Our next question comes from George Price with BB&T Capital Markets.

George A. Price - BB&T Capital Markets, Research Division

I want to just go back to MRAP a little bit and go back to your comments on MRAP. And as I'm sure you're aware, there's been press over the past several months about MRAPs, particularly the -- what sounds like a pretty extensive demilling effort going on in-theater, like 2/3 of the fleet ultimately is -- they're going to target where thereabouts, targeting demilling if they don't sell them to somebody else, but nobody wants to go in and actually get them. It's too hard. So a couple of questions around that. Number one, is ManTech involved in any material way in the demilling effort? And two, just kind of related to that, as you look forward to next year, because in some of your comments you mentioned the MRAP revenue level, I mean, even just extending that on a slight decline as you go through 2014. I mean, that could end up being a headwind in the hundreds of millions. And I'm just curious, what your thoughts are in terms of how you're going to tackle that.

L. William Varner

With respect to the demill, we're not involved in a material way. And yes, they are being demilled, but remember, the services requirements is still close to 10,000 of these vehicles that will remain in the fleet across all the services.

Kevin M. Phillips

And as to the headwind, I mean, obviously, it's a lower margin business.

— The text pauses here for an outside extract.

(* Let $f:\mathbb{R}^n\to\mathbb{R}$ and $g:\mathbb{R}^n\to(-\infty,\infty]$ satisfy the standing assumptions below, with $3\sigma>2L$, and let $\gamma$ satisfy \[ 0<\gamma<\frac{3\sigma-2L}{L^2}. \] Let $\{(y^t,z^t,x^t)\}$ be any sequence generated by the PR splitting iteration (defined below) from some $x^0\in\mathbb{R}^n$. Then the sequence $\{\mathcal{P}_\gamma(y^t,z^t,x^t)\}_{t\ge 1}$ is nonincreasing. Moreover, if the sequence $\{(y^t,z^t,x^t)\}$ has a cluster point $(y^*,z^*,x^* )$, then \[ \lim_{t\to\infty}\|x^{t+1}-x^t\| = 2\lim_{t\to\infty}\|z^{t+1}-y^{t+1}\| = 0, \] $z^*=y^*$, and $0\in\nabla f(z^* )+\partial g(z^* )$.
   Context: Standing assumptions: $f:\mathbb{R}^n\to\mathbb{R}$ is differentiable and strongly convex with modulus at least $\sigma>0$ (i.e. $f-\frac{\sigma}{2}\|\cdot\|^2$ is convex), and $\nabla f$ is Lipschitz continuous with modulus at most $L>0$. The function $g:\mathbb{R}^n\to(-\infty,\infty]$ is proper and lower semicontinuous, and for the $\gamma>0$ used, the set $\operatorname{Argmin}_u\{\gamma g(u)+\frac12\|u-w\|^2\}$ is nonempty for every $w\in\mathbb{R}^n$. PR splitting iteration: given $x^0$ and $\gamma>0$, for $t=0,1,2,\dots$: $y^{t+1}=\operatorname{argmin}_y\{f(y)+\frac{1}{2\gamma}\|y-x^t\|^2\}$; $z^{t+1}\in\operatorname{Argmin}_z\{g(z)+\frac{1}{2\gamma}\|2y^{t+1}-x^t-z\|^2\}$ (any choice); $x^{t+1}=x^t+2(z^{t+1}-y^{t+1})$. Merit function: $\mathcal{P}_\gamma(y,z,x):=f(y)+g(z)-\frac{3}{2\gamma}\|y-z\|^2+\frac{1}{\gamma}\langle x-y,z-y\rangle$. $\partial g$ denotes the limiting (Mordukhovich) subdifferential: $v\in\partial g(x)$ iff there exist $x^t\to x$ with $g(x^t)\to g(x)$ and $v^t\to v$ such that $\liminf_{z\to x^t, z\neq x^t}\frac{g(z)-g(x^t)-\langle v^t,z-x^t\rangle}{\|z-x^t\|}\ge 0$ for each $t$. *)

From Stdlib Require Fin.
From Stdlib Require Import Reals Lra.
Open Scope R_scope.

There's going to continue to be requirements on that for the types of work we still do today using the recently awarded but protested contract that we had. That's an example of takeaways in ISR arena that can help, and clearly, we see a lot of opportunity in the other pieces of our business to grow organically.

Operator

And I'm not showing any further questions at this time.

George J. Pedersen

Okay, Kevin, given that there are no questions, I think we'll conclude the call, and thank you for your help on this call. As usual, members of our senior team will be available for follow-up questions. And thank you all for your participation on today's call and your interest in ManTech.

Operator

Ladies and gentlemen, this does conclude today's presentation. You may now disconnect and have a wonderful day.